When we think “Amazon.com,” the first thing that comes to our mind is purchasing CDs, books, or clothes. But after reading the article Active in Cloud, Amazon Reshapes Computing, it began to change my perception of the company. Not only is it widely known for its online shopping service, but it is also becoming more and more “active in the cloud.” According to the article, the commonly known services that Amazon provides are soon to be a “footnote” compared to the company’s larger goal of giving the planet access to “an almost unimaginable amount of computing power.”
Cloud computing is the practice of using a network of remote servers hosted on the Internet to store, manage, and process data, rather than a local server or a personal computer. Take the New York Times, for example. Without using a byte of its own processing power, the newspaper company was able to provide free, fully searchable access to more than 15 million articles from 1851-1922. Instead of using their own data, The Times was able to outsource and store their data by renting storage space from Amazon. As Derek Gottfrid, New York Times senior software architect, says it best “if we had to do it internally, we probably wouldn’t have done it.” Not only does this save space and cut costs, but like Gottfrid said, it also makes things possible. Check out the video below on the potential and promising future of cloud computing:
The article Active in Cloud, Amazon Reshapes Computing, provides us with present day applications of how this technology is being used to benefit companies. One example that really struck me was a start-up company by the name of Climate Corporation. See what they do in this video:
One aspect of the company that is continuously mentioned is its immense amount of data. The near 10,000 simulations of the next two years’ weather that they perform for more than one million location in the US would be impossible to carry out without making a major investment in computers. And because it is such a major investment, this start-up company would not have been able to handle the costs. As a result, they turned to Amazon Web Services (AWS) and rented data storage and computer server time for significantly less money. Without it, Climate Corporation may not be able to assist thousands of farmers across the nation like it does today.
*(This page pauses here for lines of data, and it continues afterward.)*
(* Exponential loss of memory of the uniformized chain, seen through a test function
   bounded by 1: the coupling bound combined with the Lyapunov profile hh. *)
Lemma Q_decay N rp rm (mu mst s : config -> R) m :
  0 <= rp <= 1 -> 0 <= rm <= 1 -> (1 <= N)%nat ->
  is_prob N mu -> is_prob N mst -> (forall w, Rabs (s w) <= 1) ->
  pairing (2 * N + 1) mu (Nat.iter m (Qop N rp rm) s)
  - pairing (2 * N + 1) mst (Nat.iter m (Qop N rp rm) s)
  <= 4 * INR (2 * N + 1) * Hmax N * theta N ^ m.
Proof.
  intros Hrp Hrm HN Hmu Hmst Hs.
  set (X := Nat.iter m (Qop N rp rm) s).
  set (U := INR (2 * N + 1) * (2 * theta N ^ m * Hmax N)).
  replace (4 * INR (2 * N + 1) * Hmax N * theta N ^ m) with (2 * U) by (unfold U; ring).
  apply pairing_diff_bound with (X0 := X (repeat false (2 * N + 1))); auto.
  intros z Hz. apply configs_len in Hz.
  eapply Rle_trans; [apply path_bound with (d := Nat.iter m (Kop N) (fun _ => 2)); auto|].
  - apply Lip_iter; auto. intros w _ x _. unfold Rminus.
    eapply Rle_trans; [apply Rabs_triang|]. rewrite Rabs_Ropp.
    pose proof (Hs (setc w x true)); pose proof (Hs (setc w x false)); lra.
  - unfold U. rewrite <- (length_seq (2 * N + 1) 0) at 2. rewrite <- lsum_const.
    apply lsum_le. intros x Hx. apply in_seq in Hx.
    eapply Rle_trans; [apply Kit_bound; auto; lia|].
    pose proof (hh_bounds N x ltac:(lia)). pose proof (pow_le _ m (theta_pos N)). nra.
Qed.

Lemma ser_exp x : is_series (fun k => x ^ k / INR (fact k)) (exp x).
Proof.
  eapply is_series_ext; [|exact (is_exp_Reals x)]. intros k. simpl.
  rewrite pow_n_pow. unfold scal; simpl. unfold mult; simpl. unfold Rdiv. ring.
Qed.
The article Active in Cloud, Amazon Reshapes Computing may, at first glance, give the readers a bug-free representation, but it fails to mention downfalls such as AWS outages. On techspot.com there was an article describing a recent outage that AWS had, resulting in several of today’s popular web destinations and services including Netflix, Reddit, and Pinterest. Although the outage only lasted for a few hours, it still resulted in these websites and services being shut down, frustrating their customers. It may not seem significant, but as an owner of Netflix, for example, it should be concerning, as a frustrated customer might go in search of another service.
More severely, I found an instance described on businessinsider.com where AWS had a more severe crash. This time, an AWS customer, Chartbeat, lost approximately 11 hours of historical data that was not recoverable as a result of the outage. Although they may have saved money by using AWS, there is no saving the data they lost, as this is the risk a customer has to take.
In conclusion, when we discuss cloud computing, it comes down to cutting costs versus security. As you can see with Climate Corporation, AWS saved them a significant amount of money whereas Chartbeat, who took the same approach, ended up permanently losing data as a result of an outage. Although the risk of losing data is low, it is evident that Amazon fails to properly back up data, no matter what they tell their customers. For this reason, the future for services like AWS is promising, but still a bit cloudy at this point.